1 May 2026 - 7:00am

Political violence in Britain is intensifying. That has long been true, but the situation is now acute. It is manifesting in attacks on synagogues and, most recently, the horrific assault on two Jewish men in Golders Green this week.

The UK’s tiny Jewish community, comprising less than 0.5% of the total population, has every reason to feel afraid. Britons are, after all, living in a culture in which journalists appear to be rationalising attacks on Jewish businesses as a response to deaths in Gaza. This plays into the hands of terrorist organisations.

The implication is that British Jews should expect violent assaults because of a conflict thousands of miles away, over which they have no influence. It even suggests there is a cold logic to this position, as though marches through British cities week after week, by people wearing Hamas headbands and calling for the death of Israeli soldiers, are entirely unconnected.

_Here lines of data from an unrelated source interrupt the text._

Lemma wact_alt_word h c k X Y :
  let xy := alt_steps (alpha A s h) (alpha A t h) (A s t) (A t s) c k (X, Y) in
  wact_co A (alt_word (letter c) (letter (~~ c)) k) (shift h X Y) = shift h xy.1 xy.2.
Proof.
elim: k c X Y => [//|k IH] c X Y /=; rewrite wact_co_rcons -[in letter (~~ c)](negbK c).
by case: c; [rewrite sref_shift_s | rewrite sref_shift_t]; apply: IH.
Qed.

Lemma shift0 h : shift h 0 0 = h.
Proof. by rewrite /shift !mulr0z !addr0. Qed.

Definition st_word (u : seq 'I_n) : bool := all (fun j => (j == s) || (j == t)) u.

Definition st_reduced (u : seq 'I_n) : Prop :=
  forall u', st_word u' -> weq A u' u -> (size u <= size u')%N.

Definition st_ascent (u : seq 'I_n) (j : 'I_n) : Prop :=
  forall u', st_word u' -> weq A u' (rcons u j) -> (size u <= size u')%N.

Lemma st_word_rcons u j : st_word (rcons u j) = ((j == s) || (j == t)) && st_word u.
Proof. by rewrite /st_word all_rcons. Qed.

Lemma letter_st c : (letter c == s) || (letter c == t).
Proof. by case: c; rewrite /= eqxx ?orbT. Qed.

Lemma st_word_alt c d k : st_word (alt_word (letter c) (letter d) k).
Proof. by elim: k c d => [//|k IH] c d /=; rewrite st_word_rcons letter_st IH. Qed.

Lemma st_letter j c : (j == s) || (j == t) -> j = letter c \/ j = letter (~~ c).
Proof. by case/orP => /eqP ->; case: c; [left | right | right | left]. Qed.

Lemma st_reduced_alternating c u : st_word u -> st_reduced u ->
  last (letter c) u = letter c -> u = alt_word (letter c) (letter (~~ c)) (size u).
Proof.
elim/last_ind: u c => [//|u1 e IH] c; rewrite last_rcons st_word_rcons.
move=> /andP[_ Iu1] Ru ec; subst e; rewrite size_rcons /=; congr rcons.
have Ru1 : st_reduced u1.
  move=> u' Iu' E; have := Ru (rcons u' (letter c)).
  rewrite !size_rcons ltnS; apply; last exact: weq_rcons.
  by rewrite st_word_rcons letter_st.
have last_u1 : last (letter (~~ c)) u1 = letter (~~ c).
  case/lastP: u1 Iu1 Ru {IH Ru1} => [//|u2 e]; rewrite last_rcons st_word_rcons.
  case/andP => /(st_letter c)[->|//] Iu2 Ru.
  have := Ru u2 Iu2 (weq_sym (weq_rcons2 A_diag _ _)).
  by rewrite !size_rcons ltnNge leqnSn.
by have := IH (~~ c) Iu1 Ru1 last_u1; rewrite negbK.
Qed.

Hypothesis st_finite : finite_rank2 (A s t) (A t s).

Let m := braid_order (A s t) (A t s).

Lemma braid_relation c :
  weq A (alt_word (letter c) (letter (~~ c)) m) (alt_word (letter (~~ c)) (letter c) m).
Proof.
have braid : weq A (alt_word s t m) (alt_word t s m).
  move=> h; rewrite -(shift0 h).
  have := wact_alt_word h true m 0 0; have := wact_alt_word h false m 0 0.
  by rewrite /= => -> ->; rewrite alt_steps_braid.
by case: c; [apply: braid | apply: weq_sym].
Qed.

(* An alternating word longer than m_st is not {s,t}-reduced: the braid
   relation creates a square s_x s_x, which cancels. *)
Lemma braid_shorten c k : (m < k)%N ->
  exists2 u', st_word u' &
    weq A u' (alt_word (letter c) (letter (~~ c)) k) /\ size u' = (k - 2)%N.
Proof.
move=> mk; have m2 : (2 <= m)%N := braid_order_ge2 _ _.
set d := c (+) odd m.
have braid_tail : weq A (alt_word (letter c) (letter (~~ c)) m)
                        (letter d :: alt_word (letter (~~ c)) (letter c) m.-1).
  apply: (weq_trans (braid_relation c)).
  have odd_m : odd m.-1 = ~~ odd m by case: (m) m2 => [//|m'] _ /=; rewrite negbK.
  have := alt_word_cat (~~ c) 1 m.-1; rewrite add1n prednK ?(leq_trans _ m2) //.
  by rewrite odd_m addNb addbN !negbK -/d => ->.
exists (alt_word (letter (~~ d)) (letter d) (k - m).-1 ++ alt_word (letter (~~ c)) (letter c) m.-1).
  by rewrite /st_word all_cat -!/(st_word _) !st_word_alt.
split; last by rewrite size_cat !size_alt_word; lia.
have -> : k = ((k - m).-1.+1 + m)%N by lia.
rewrite alt_word_cat -/d; apply: weq_sym; apply: (weq_trans (weq_catl _ braid_tail)).
by rewrite [alt_word _ _ _.+1]/= cat_rcons addnK; apply: weq_cancel.
Qed.

Lemma st_ascent_last u : st_word u -> st_ascent u s -> last t u = t.
Proof.
case/lastP: u => [//|u e]; rewrite last_rcons st_word_rcons.
case/andP => /(st_letter false)[//|/= es] Iu Au; subst e.
have := Au u Iu (weq_sym (weq_rcons2 A_diag _ _)).
by rewrite size_rcons ltnn.
Qed.

Lemma dihedral_nonneg u : st_word u -> st_reduced u -> st_ascent u s ->
  exists X Y, [/\ 0 <= X, 0 <= Y &
    wact_co A u (simple_coroot s) = simple_coroot s *~ X + simple_coroot t *~ Y].
Proof.
move=> Iu Ru Au.
have uE : u = alt_word t s (size u) :=
  st_reduced_alternating (c := false) Iu Ru (st_ascent_last Iu Au).
have short : (size u < m)%N.
  rewrite ltnNge; apply/negP => long.
  have [u' Iu' [E size_u']] := braid_shorten true (k := (size u).+1) long.
  have E' : weq A u' (rcons u s) by rewrite [in rcons u _]uE; exact: E.
  have := Au u' Iu' E'; rewrite size_u'.
  by move: long (braid_order_ge2 (A s t) (A t s)); rewrite -/m; lia.
have [X0 Y0] := alt_steps_nonneg st_finite short.
have := wact_alt_word 0 false (size u) 1 0; rewrite /= -uE !alpha0.
set xy := alt_steps _ _ _ _ _ _ _ => u_hs.
exists xy.1, xy.2; split => //.
have hs : simple_coroot s = shift 0 1 0 by rewrite /shift mulr1z mulr0z add0r addr0.
by rewrite {1}hs u_hs /shift add0r.
Qed.
End Dihedral.

Section AscentNonneg.
Variables (n : nat) (A : 'I_n -> 'I_n -> int).
Hypothesis A_diag : forall i, A i i = 2.
Hypothesis A_rank2 : forall s t : 'I_n, s != t -> finite_rank2 (A s t) (A t s).

Definition st_factor (s t : 'I_n) (x v u : seq 'I_n) : Prop :=
  [/\ reduced A v, st_word s t u, weq A (v ++ u) x & (size v + size u = size x)%N].

(* In a factorization with v of minimal length, v has ascents at s and at t:
   otherwise a letter could be moved from v into u. *)
Lemma min_factor_ascent s t x v u r : reduced A x -> st_factor s t x v u ->
  (forall v' u', st_factor s t x v' u' -> (size v <= size v')%N) ->
  (r == s) || (r == t) -> right_ascent A v r.
Proof.
move=> Rx [Rv Iu Evu Svu] vmin rst v' E; rewrite leqNgt; apply/negP => short.
have [v'' E'' R''] := reduced_exists A v'.
have S'' := R'' v' (weq_sym E'').
have E3 : weq A (v'' ++ r :: u) x.
  apply: (weq_trans (weq_catr _ E'')); apply: (weq_trans (weq_catr _ E)).
  by rewrite cat_rcons; apply: (weq_trans (weq_cancel A_diag v r u)).
have F'' : st_factor s t x v'' (r :: u).
  split => //; first by rewrite /st_word /= rst.
  by have := Rx _ E3; rewrite size_cat /=; lia.
by have := vmin _ _ F''; lia.
Qed.

Lemma st_factor_reduced s t x v u : reduced A x -> st_factor s t x v u -> st_reduced A s t u.
Proof.
move=> Rx [_ _ Evu Svu] u' _ E; have := Rx (v ++ u') (weq_trans (weq_catl _ E) Evu).
by rewrite size_cat; lia.
Qed.

Lemma st_factor_ascent s t x v u : right_ascent A x s -> st_factor s t x v u ->
  st_ascent A s t u s.
Proof.
move=> Ax [_ _ Evu Svu] u' _ E.
have E' : weq A (v ++ u') (rcons x s).
  apply: (weq_trans (weq_catl _ E)); rewrite -rcons_cat; exact: weq_rcons.
by have := Ax _ E'; rewrite size_cat; lia.
Qed.

(* Humphreys' key lemma: if l(x s) > l(x) then x(h_s) >= 0.  By induction on
   l(x): write x = x1 t with t != s, factor x = v u with u in W_{s,t} and v
   minimal; then v(h_s), v(h_t) >= 0 by induction and u(h_s) is a
   nonnegative combination of h_s, h_t by the rank-2 case. *)
Lemma ascent_nonneg N : forall x s, reduced A x -> size x = N -> right_ascent A x s ->
  forall k, 0 <= wact_co A x (simple_coroot s) k.
Proof.
elim/ltn_ind: N => N IHN x s Rx Sx Ax.
case/lastP: x Rx Sx Ax => [|x1 t] Rx Sx Ax.
  by move=> k; rewrite ffunE; case: (k == s).
have ts : t != s.
  apply/eqP => ets; subst t; have := Ax x1 (weq_sym (weq_rcons2 A_diag _ _)).
  by rewrite size_rcons ltnn.
have st : s != t by rewrite eq_sym.
have F0 : st_factor s t (rcons x1 t) x1 [:: t].
  split; [exact: reduced_rcons Rx | by rewrite /st_word /= eqxx orbT | by rewrite cats1 |].
  by rewrite size_rcons addn1.
have [k [[v [u [Fvu <-]]] vmin]] :=
  @ex_minimal (fun k => exists v u, st_factor s t (rcons x1 t) v u /\ size v = k)
    (ex_intro _ _ (ex_intro _ x1 (ex_intro _ [:: t] (conj F0 erefl)))).
have vmin' v' u' : st_factor s t (rcons x1 t) v' u' -> (size v <= size v')%N.
  by move=> F'; apply: vmin; exists v', u'.
have v_short : (size v < N)%N.
  by have := vmin' _ _ F0; rewrite -Sx size_rcons; lia.
have [Rv Iu Evu _] := Fvu.
have s_st : (s == s) || (s == t) by rewrite eqxx.
have t_st : (t == s) || (t == t) by rewrite eqxx orbT.
have v_hs := IHN _ v_short v s Rv erefl (min_factor_ascent Rx Fvu vmin' s_st).
have v_ht := IHN _ v_short v t Rv erefl (min_factor_ascent Rx Fvu vmin' t_st).
have [X [Y [X0 Y0 u_hs]]] :=
  dihedral_nonneg A_diag st (A_rank2 st) Iu (st_factor_reduced Rx Fvu) (st_factor_ascent Ax Fvu).
move=> j; rewrite -(Evu (simple_coroot s)) wact_co_cat u_hs wact_coD !wact_coMz.
by rewrite !ffunE !ffunMzE !mulrzz addr_ge0 ?mulr_ge0.
Qed.

(* Sign coherence: every x(h_j) has all coordinates >= 0 or all <= 0.  Take
   x reduced; if l(x s_j) > l(x) use [ascent_nonneg], otherwise x = y s_j
   with l(y s_j) > l(y) and x(h_j) = - y(h_j). *)
Lemma sign_coherent x j : (forall k, 0 <= wact_co A x (simple_coroot j) k) \/
                          (forall k, wact_co A x (simple_coroot j) k <= 0).
Proof.
have [w Ew Rw] := reduced_exists A x; rewrite -Ew.
case: (classic (exists2 w', weq A w' (rcons w j) & (size w' < size w)%N)) =>
  [[w' Ew' short] | no_short]; last first.
  left; apply: (ascent_nonneg Rw erefl) => w' Ew'; rewrite leqNgt; apply/negP => short.
  by apply: no_short; exists w'.
have [y Ey Ry] := reduced_exists A w'.
have w_yj : weq A (rcons y j) w.
  apply: (weq_trans (weq_rcons j Ey)); apply: (weq_trans (weq_rcons j Ew')).
  exact: weq_rcons2.
have y_hj : forall k, 0 <= wact_co A y (simple_coroot j) k.
  apply: (ascent_nonneg Ry erefl) => y' Ey'.
  have := Rw y' (weq_trans Ey' w_yj); have := Ry w' (weq_sym Ey); lia.
right => k; rewrite -(w_yj (simple_coroot j)) wact_co_rcons sref_co_simple // wact_coN ffunE.
by rewrite oppr_le0.
Qed.
End AscentNonneg.

Definition orbit_coroot n (A : 'I_n -> 'I_n -> int) (g : coweight n) : Prop :=
  exists x j, g = wact_co A x (simple_coroot j).

Lemma orbit_pos_coroot n (A : 'I_n -> 'I_n -> int) (hA : finite_simple_cartan A) g :
  orbit_coroot A g -> pos_coroot A g \/ pos_coroot A (- g).
Proof.
move=> [x [j ->]]; have A_diag : forall i, A i i = 2 by case: hA => _ [].
case: (sign_coherent A_diag (cartan_rank2 hA) x j) => sgn; [left | right]; split.
- by exists x, j.
- exact: sgn.
- by exists (rcons x j), j; rewrite wact_co_rcons sref_co_simple // wact_coN.
- by move=> k; rewrite ffunE oppr_ge0.
Qed.

Section Pairing.
Variables (n : nat) (A : 'I_n -> 'I_n -> int).

Lemma pairing_sref j (lam : weight n) (h : coweight n) :
  pairing (sref A j lam) h = pairing lam (sref_co A j h).
Proof.
rewrite /pairing; under eq_bigr => i _ do rewrite ffunE mulrBr.
under [in RHS]eq_bigr => i _ do rewrite ffunE mulrBl.
rewrite !sumrB; congr (_ - _).
by rewrite sum_delta mulr_suml; apply: eq_bigr => i _; ring.
Qed.

Lemma pairing_wact w (lam : weight n) (h : coweight n) :
  pairing (wact A w lam) h = pairing lam (wact_co A (rev w) h).
Proof.
elim: w h => [//|j w IH] h.
by rewrite /= pairing_sref IH rev_cons wact_co_rcons.
Qed.

Lemma pairing_simple (lam : weight n) i : pairing lam (simple_coroot i) = lam i.
Proof.
rewrite /pairing (eq_bigr (fun k => (if k == i then 1 else 0) * lam k)) ?sum_delta ?mul1r //.
by move=> k _; rewrite ffunE.
Qed.

Lemma pairing_fund i (h : coweight n) : pairing (fund_weight i) h = h i.
Proof.
rewrite /pairing (eq_bigr (fun k => (if k == i then 1 else 0) * h k)) ?sum_delta ?mul1r //.
by move=> k _; rewrite ffunE mulrC.
Qed.

Lemma pairingD (l1 l2 : weight n) h : pairing (l1 + l2) h = pairing l1 h + pairing l2 h.
Proof. by rewrite /pairing -big_split; apply: eq_bigr => i _; rewrite ffunE mulrDr. Qed.

Lemma pairingB (l1 l2 : weight n) h : pairing (l1 - l2) h = pairing l1 h - pairing l2 h.
Proof. by rewrite /pairing -sumrB; apply: eq_bigr => i _; rewrite !ffunE mulrBr. Qed.

Lemma pairingN (l : weight n) (h : coweight n) : pairing l (- h) = - pairing l h.
Proof. by rewrite /pairing -sumrN; apply: eq_bigr => i _; rewrite ffunE mulNr. Qed.
End Pairing.

Lemma min_cases (x y : int) :
  (Num.min x y = x /\ x <= y) \/ (Num.min x y = y /\ y <= x).
Proof. by case: (leP x y) => xy; [left | right; split => //; exact: ltW]. Qed.

Lemma min_between (a b c : int) :
  Num.min a b <= Num.min c (a + b - c) -> 0 <= (a - c) * (c - b).
Proof.
by case: (min_cases a b) => -[-> ?]; case: (min_cases c (a + b - c)) => -[-> ?]; nia.
Qed.

Definition squeezed (C x y : int) : Prop :=
  (0 <= C /\ C <= x /\ C <= y) \/ (C <= 0 /\ x <= C /\ y <= C).

Lemma squeezed_nonneg (a b c C : int) : squeezed C (a - c) (c - b) ->
  0 <= a -> 0 <= b -> 0 <= a - C /\ 0 <= b + C.
Proof. by rewrite /squeezed; lia. Qed.

Lemma squeezed_min (a b c C : int) : squeezed C (a - c) (c - b) ->
  Num.min a b <= Num.min (a - C) (b + C) /\ Num.min (a - C) (b + C) <= Num.min c (a + b - c).
Proof.
rewrite /squeezed => sq.
case: (min_cases a b) => -[-> ?]; case: (min_cases (a - C) (b + C)) => -[-> ?];
  case: (min_cases c (a + b - c)) => -[-> ?]; lia.
Qed.

Lemma min_shift_neq (a b : int) : 2 <= a - b ->
  Num.min a b != Num.min (a - 1) (b + 1) /\ Num.min (- a) (- b) != Num.min (- a + 1) (- b - 1).
Proof.
move=> gap; split; apply/eqP.
  by case: (min_cases a b) => -[-> ?]; case: (min_cases (a - 1) (b + 1)) => -[-> ?]; lia.
by case: (min_cases (- a) (- b)) => -[-> ?]; case: (min_cases (- a + 1) (- b - 1)) => -[-> ?]; lia.
Qed.

(* Standing assumptions of Proposition 5.4; [sum_eq] and [lam_le_mu] are
   what remains of (λ1, λ2), (μ1, μ2) ∈ P^+(λ, 2) and λ ≺ μ. *)
Section Proposition.
Variables (n : nat) (A : 'I_n -> 'I_n -> int).
Hypothesis hA : finite_simple_cartan A.
Variables (lam1 lam2 mu1 mu2 : weight n) (w : seq 'I_n) (i0 : 'I_n).
Hypothesis sum_eq : lam1 + lam2 = mu1 + mu2.
Hypothesis lam_le_mu : preceq A (lam1, lam2) (mu1, mu2).
Hypothesis w_dom : dominant (wact A w (lam1 - lam2)).
Hypothesis i0_pos : 0 < wact A w (lam1 - mu1) i0 * wact A w (mu1 - lam2) i0.

Let A_diag : forall i, A i i = 2. Proof. by case: hA => _ []. Qed.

No matter how angry people are about events in the Middle East, making excuses for violence against Jews is unforgivable. Two men were killed in an attack on a synagogue in Manchester in October last year, and further fatalities were avoided on Wednesday only by the swift intervention of Jewish volunteers and the police. Speaking on Thursday about the Golders Green attack, Prime Minister Keir Starmer said that Jews are “scared to show who they are in their community, scared to go to synagogue and practise their religion”, adding: “If you stand alongside people who say globalise the intifada, you are calling for terrorism against Jews.”

But tolerance for violent antisemitism — and there has been plenty of that on social media in the last two days — disconnects it from a wider phenomenon. When I was writing my book Home Grown, about the link between domestic violence and terrorism, it became clear that violent men actively seek out ideologies as a channel and a “justification” for their extremist impulses.

They usually have a history of violence in their own families, terrorising wives and children long before they discover a “cause”. They have often been exposed to violence themselves, witnessing fathers beating mothers. It normalises violence, and they think it’s part of being a man. It’s something Isis understood and played upon, using teams of volunteers to radicalise angry young men — and women in some cases — via the internet. According to Jonathan Hall KC, the UK’s Independent Reviewer of Terrorism Legislation, Iran’s Islamic Revolutionary Guard Corps may be running a similar operation in the UK to encourage attacks on British Jews.

This is a crisis that should be at the top of the Government’s security agenda, namely the existence of a pool of men in Britain who are obsessed with murder, weapons and violent death. Some may also be mentally ill but they are easily susceptible to propaganda, and it’s not hard to see how the pro-Palestinian marches have created a permissive atmosphere for verbal antisemitism and worse.

But it’s part of a much wider problem of violence in this country. Two summers ago, Axel Rudakubana murdered three little girls and injured many others at a dance class in Southport. A year earlier, Valdo Calocane stabbed two students to death and ran over a school caretaker in Nottingham. In 2020, Danyal Hussein savagely attacked and killed two sisters at a park in north London. Essa Suleiman, the man arrested for Wednesday’s attack, was previously jailed for stabbing a policeman and his dog.

Hussein and Rudakubana were referred to the Government’s anti-terrorism programme, Prevent, but were discharged because they were not obviously attached to an ideology. Suleiman was himself referred to Prevent in 2020, before his case was closed later that year.

All this has exposed a gap in the state’s ability to protect its citizens in cases where an individual’s known obsession with violence isn’t linked to Islamism or Right-wing extremism. It has also left a series of institutions struggling to contain the threat posed by young men obsessed with knives, torture and murder.

The underlying problem is the number of men in this country with a propensity for extreme violence. A blinkered willingness to frame it as “ideological” is putting lives at risk. At the moment, ministers must recognise that British Jews are on the front line.


Joan Smith is a novelist and columnist. She was previously Chair of the Mayor of London’s Violence Against Women and Girls Board, and is on the advisory group for Sex Matters. Her book Unfortunately, She Was A Nymphomaniac: A New History of Rome’s Imperial Women was published in November 2024.